March 11, 2013

Makin' Pha-ses

Makin' Pha-ses, indeed [1]. Here is some "interesting" trace from two forms of noise that demonstrates a phenomenon called 1-D stochastic resonance [2]. This will generate a noisy signal with three distinct phases from two sources of noise (white and black):

1) generate white noise (a randomized sine wave over a 1,000 point interval). White noise is the kind of static you may have encountered while tuning an analog radio or television [3].

2) generate black noise (1/f3 deterministic signal over a 1,000 point interval). Black noise is the kind of noise you might encounter when modeling the frequency of natural disasters or blackbody radiation, and consists of mostly silence.

3) convolve both sources. Results in a signal with three distinct phases (over a 2,000 point interval). Demo conducted and plots made in Matlab.

The resulting plots are shown below. The associated Matlab code is located in my Github repository [4].

Also, even though this is tangentially related (e.g. making independent components), I will nevertheless post it here. I have a new tutorial up on Figshare [5] concerning how to conduct independent component analysis (ICA) and how to extract ICs from real-time thermocycling curves (e.g. qRT-PCR).

In keeping with the theme of the post, however, the Fast ICA algorithm does use white noise (a whitening matrix) to derive the ICs.


[1] an obscure reference from Saturday Night Live ("Makin' Copies" with Rob Schneider).

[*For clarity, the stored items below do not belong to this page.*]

(* Let $\mathcal B$ be a bicategory (a skew bicategory whose constraints $\alpha,\lambda,\rho$ are all invertible). Suppose given data $(D,T,K,v,k,v_0)$ on $\mathcal B$ as in the definition of a skew warping below, with all components of $v$, $k$ and $v_0$ invertible, satisfying axioms (W1) and (W2). Then axioms (W3), (W4) and (W5) also hold; that is, the data is a warping on $\mathcal B$.
   Context: Notation: for 1-cells $f\colon X\to Y$, $g\colon Y\to Z$ write $g\cdot f\colon X\to Z$ for their composite, $1$ or $1_X$ for identity 1-cells, and $\theta\cdot f$, $g\cdot\theta$ for whiskerings of 2-cells. A skew bicategory $\mathcal B$ consists of objects; hom-categories $\mathcal B(X,Y)$; composition functors $\mathcal B(Y,Z)\times\mathcal B(X,Y)\to\mathcal B(X,Z)$; identity 1-cells $1_X$; and natural (not necessarily invertible) 2-cells $\alpha_{f,g,h}\colon (h\cdot g)\cdot f\to h\cdot(g\cdot f)$, $\lambda_f\colon 1\cdot f\to f$, $\rho_f\colon f\to f\cdot 1$, subject to: (B1) $(k\cdot\alpha_{f,g,h})\circ\alpha_{f,h\cdot g,k}\circ(\alpha_{g,h,k}\cdot f)=\alpha_{g\cdot f,h,k}\circ\alpha_{f,g,k\cdot h}$; (B2) $(g\cdot\lambda_f)\circ\alpha_{f,1,g}\circ(\rho_g\cdot f)=1_{g\cdot f}$; (B3) $\lambda_{g\cdot f}\circ\alpha_{f,g,1}=\lambda_g\cdot f$; (B4) $\alpha_{1,f,g}\circ\rho_{g\cdot f}=g\cdot\rho_f$; (B5) $\lambda_1\circ\rho_1=1_{1}$. A skew warping on a skew bicategory $\mathcal B$ consists of: a function $D$ on objects; functors $T\colon\mathcal B(X,DY)\to\mathcal B(DX,DY)$; 1-cells $K=K_X\colon X\to DX$; natural 2-cells $v=v_{g,f}\colon T(Tg\cdot f)\to Tg\cdot Tf$ (for $f\colon X\to DY$, $g\colon Y\to DZ$), $k=k_f\colon f\to Tf\cdot K_X$ (for $f\colon X\to DY$), and 2-cells $v_0=v_{0,Y}\colon TK_Y\to 1_{DY}$, subject to the following axioms, for all $f\colon X\to DY$, $g\colon Y\to DZ$, $h\colon Z\to DW$: (W1) $\alpha\circ(v_{h,g}\cdot Tf)\circ v_{Th\cdot g,f}=(Th\cdot v_{g,f})\circ v_{h,Tg\cdot f}\circ T(\alpha)\circ T(v_{h,g}\cdot f)$ as 2-cells $T(T(Th\cdot g)\cdot f)\to Th\cdot(Tg\cdot Tf)$; (W2) $(Tf\cdot v_{0,X})\circ v_{f,K_X}\circ T(k_f)=\rho_{Tf}\colon Tf\to Tf\cdot 1$; (W3) $\lambda_{Tf}\circ(v_{0,Y}\cdot Tf)\circ v_{K_Y,f}=T(\lambda_f)\circ T(v_{0,Y}\cdot f)\colon T(TK_Y\cdot f)\to Tf$; (W4) $\alpha\circ(v_{g,f}\cdot K_X)\circ k_{Tg\cdot f}=Tg\cdot k_f\colon Tg\cdot f\to Tg\cdot(Tf\cdot K_X)$; (W5) $\lambda_{K_X}\circ(v_{0,X}\cdot K_X)\circ k_{K_X}=1_{K_X}$. A warping on a bicategory is a skew warping for which $v$, $k$, $v_0$ are invertible. *)

Set Implicit Arguments.
Unset Strict Implicit.

Unset Implicit Arguments.
Record SkewBicatData := {
  ob : Type;
  hom : ob -> ob -> Type;
  cell : forall X Y : ob, hom X Y -> hom X Y -> Type;
  id2 : forall X Y (f : hom X Y), cell X Y f f;
  vcomp : forall X Y (f g h : hom X Y), cell X Y g h -> cell X Y f g -> cell X Y f h;
  comp1 : forall X Y Z, hom Y Z -> hom X Y -> hom X Z;
  hcomp : forall X Y Z (g g' : hom Y Z) (f f' : hom X Y),
      cell Y Z g g' -> cell X Y f f' -> cell X Z (comp1 X Y Z g f) (comp1 X Y Z g' f');
  id1 : forall X, hom X X;
  alpha : forall W X Y Z (f : hom W X) (g : hom X Y) (h : hom Y Z),
      cell W Z (comp1 W X Z (comp1 X Y Z h g) f) (comp1 W Y Z h (comp1 W X Y g f));
  lambda : forall X Y (f : hom X Y), cell X Y (comp1 X Y Y (id1 Y) f) f;
  rho : forall X Y (f : hom X Y), cell X Y f (comp1 X X Y f (id1 X))
}.

Set Implicit Arguments.
Arguments cell {s X Y} _ _.
Arguments id2 {s X Y} _.
Arguments vcomp {s X Y f g h} _ _.
Arguments comp1 {s X Y Z} _ _.
Arguments hcomp {s X Y Z g g' f f'} _ _.
Arguments id1 {s} _.
Arguments alpha {s W X Y Z} _ _ _.
Arguments lambda {s X Y} _.
Arguments rho {s X Y} _.

Declare Scope bicat_scope.
Delimit Scope bicat_scope with bc.
Open Scope bicat_scope.
Notation "g · f" := (comp1 g f) (at level 40, left associativity) : bicat_scope.
Notation "b ∘ a" := (vcomp b a) (at level 40, left associativity) : bicat_scope.
Notation "θ ⋆ φ" := (hcomp θ φ) (at level 35) : bicat_scope.
Definition rwhisk {B : SkewBicatData} {X Y Z} {g g' : hom B Y Z}
  (θ : cell g g') (f : hom B X Y) : cell (g · f) (g' · f) := hcomp θ (id2 f).
Definition lwhisk {B : SkewBicatData} {X Y Z} (g : hom B Y Z) {f f' : hom B X Y}
  (θ : cell f f') : cell (g · f) (g · f') := hcomp (id2 g) θ.
Notation "θ ▹ f" := (rwhisk θ f) (at level 35) : bicat_scope.
Notation "g ◃ θ" := (lwhisk g θ) (at level 35) : bicat_scope.

Definition invertible {B : SkewBicatData} {X Y} {f g : hom B X Y} (c : cell f g) : Prop :=
  exists c' : cell g f, c' ∘ c = id2 f /\ c ∘ c' = id2 g.

Definition hom_categories (B : SkewBicatData) : Prop :=
  (forall X Y (f g : hom B X Y) (a : cell f g), id2 g ∘ a = a) /\
  (forall X Y (f g : hom B X Y) (a : cell f g), a ∘ id2 f = a) /\
  (forall X Y (f g h i : hom B X Y) (a : cell f g) (b : cell g h) (c : cell h i),
      c ∘ (b ∘ a) = (c ∘ b) ∘ a).

Definition comp_functorial (B : SkewBicatData) : Prop :=
  (forall X Y Z (g : hom B Y Z) (f : hom B X Y), id2 g ⋆ id2 f = id2 (g · f)) /\
  (forall X Y Z (g g' g'' : hom B Y Z) (f f' f'' : hom B X Y)
     (t : cell g g') (t' : cell g' g'') (p : cell f f') (p' : cell f' f''),
      (t' ∘ t) ⋆ (p' ∘ p) = (t' ⋆ p') ∘ (t ⋆ p)).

[2] Wellens, T., Shatokhin, V., and Buchleitner, A.   Stochastic Resonance. Reports on Progress in Physics, 67(1), 45 (2004) AND Balenzuela, P. Braun, H., and Chialvo, D.R.   The Ghost of Stochastic Resonance: An Introductory Review. arXiv, 1110.0136 (2011).

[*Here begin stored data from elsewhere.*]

Lemma Rabs_div_lt (X s eps : R) : s <> 0 -> Rabs X < eps * Rabs s -> Rabs (X / s) < eps.
Proof.
move=> s_neq0 HX; have s_pos : 0 < Rabs s by apply: Rabs_pos_lt.
rewrite Rabs_mult Rabs_inv; apply: (Rmult_lt_reg_r (Rabs s)) => //.
by rewrite Rmult_assoc Rinv_l ?Rmult_1_r; lra.
Qed.

Section Gradient.

Variables (n : nat) (nrm : vec n -> R) (f : vec n -> R) (G : vec n -> vec n).
Hypotheses (nrmP : is_norm nrm) (fG : has_gradient nrm f G).

Lemma derivable_pt_lim_line (y u : vec n) t :
  derivable_pt_lim (fun s => f (vadd y (vscal s u))) t (pairing (G (vadd y (vscal t u))) u).
Proof.
have [nrm_ge0 [_ [nrmZ _]]] := nrmP.
move=> eps eps_pos; set M := nrm u; set yt := vadd y (vscal t u).
have M_ge0 : 0 <= M by apply: nrm_ge0.
set eps' := eps / 2 / (M + 1).
have eps'E : eps' * (M + 1) = eps / 2 by rewrite /eps'; field; lra.
have eps'_pos : 0 < eps' by apply: Rdiv_lt_0_compat; lra.
have [del [del_pos Hdel]] := fG yt eps'_pos.
set del' := del / (M + 1).
have del'E : del' * (M + 1) = del by rewrite /del'; field; lra.
have del'_pos : 0 < del' by apply: Rdiv_lt_0_compat; lra.
exists (mkposreal _ del'_pos) => s s_neq0 /= s_small.
have step_small : nrm (vscal s u) < del by rewrite nrmZ -/M; nra.
have := Hdel _ step_small.
have -> : vadd yt (vscal s u) = vadd y (vscal (t + s) u).
  by apply: vec_ext => i; rewrite /yt /vadd /vscal; ring.
rewrite pairing_scal_r nrmZ -/M => Hest.
have -> : (f (vadd y (vscal (t + s) u)) - f yt) / s - pairing (G yt) u
          = (f (vadd y (vscal (t + s) u)) - f yt - s * pairing (G yt) u) / s.
  by field.
apply: Rabs_div_lt => //; apply: (Rle_lt_trans _ _ _ Hest).
have := Rabs_pos_lt _ s_neq0; nra.
Qed.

[3] For an artistic take on television static, please see TV Static Photos by Tom Moody and Ray Rapp. Examples of white noise in 2-D.

[4] this is part of work I am doing on an idea I am currently calling "noise strategies", a hybrid approach that merges game theory with the physics of noise. More on this in future posts.

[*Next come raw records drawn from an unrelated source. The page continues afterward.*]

Definition pol_kernel (pi : S -> A -> R) s s' := \sum_a pi s a * P s a s'.
Definition pol_reward (pi : S -> A -> R) s := \sum_a pi s a * r s a.

Definition qval (W : S -> R) s a := r s a + gamma * \sum_y P s a y * W y.
Definition bellman (pi : S -> A -> R) (W : S -> R) s :=
  pol_reward pi s + gamma * \sum_y pol_kernel pi s y * W y.

Lemma P_ge0 s a s' : 0 <= P s a s'. Proof. by case: mdpP. Qed.
Lemma P_sum1 s a : \sum_s' P s a s' = 1. Proof. by case: mdpP => _ []. Qed.
Lemma r_ge0 s a : 0 <= r s a. Proof. by case: mdpP => _ [_ [/(_ s a)/andP[]]]. Qed.
Lemma r_le1 s a : r s a <= 1. Proof. by case: mdpP => _ [_ [/(_ s a)/andP[]]]. Qed.
Lemma gamma_ge0 : 0 <= gamma. Proof. by case: mdpP => _ [_ [_ /andP[]]]. Qed.
Lemma gamma_lt1 : gamma < 1. Proof. by case: mdpP => _ [_ [_ /andP[]]]. Qed.

Lemma QsaE pi : Qsa P r gamma pi = qval (V pi). Proof. by []. Qed.

Lemma avg_qval pi W s : \sum_a pi s a * qval W s a = bellman pi W s.
Proof.
rewrite /qval /bellman /pol_reward /pol_kernel.
under eq_bigr do rewrite mulrDr.
rewrite big_split /=; congr (_ + _).
rewrite [RHS]mulr_sumr; under [RHS]eq_bigr do rewrite mulr_suml mulr_sumr.
rewrite [RHS]exchange_big /=; apply: eq_bigr => a _.
rewrite !mulr_sumr; apply: eq_bigr => y _.
by ring.
Qed.

Lemma bellmanB pi W1 W2 s : bellman pi W1 s - bellman pi W2 s =
  gamma * \sum_y pol_kernel pi s y * (W1 y - W2 y).
Proof.
rewrite /bellman opprD addrACA subrr add0r -mulrBr -sumrB.
by congr (_ * _); apply: eq_bigr => y _; rewrite mulrBr.
Qed.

[5] Alicea, B.   Independent features of quantified thermocycling reactions (qRT-PCR). Figshare, doi:10.6084/m9.figshare.649432 (2013).

The analysis was done using FastICA 2.5 for MATLAB. For details, see the following paper: Hyvarinen, A. and Oja, E. Independent Component Analysis: Algorithms  and Application. Neural Networks, 13(4-5), 411-430. (2000).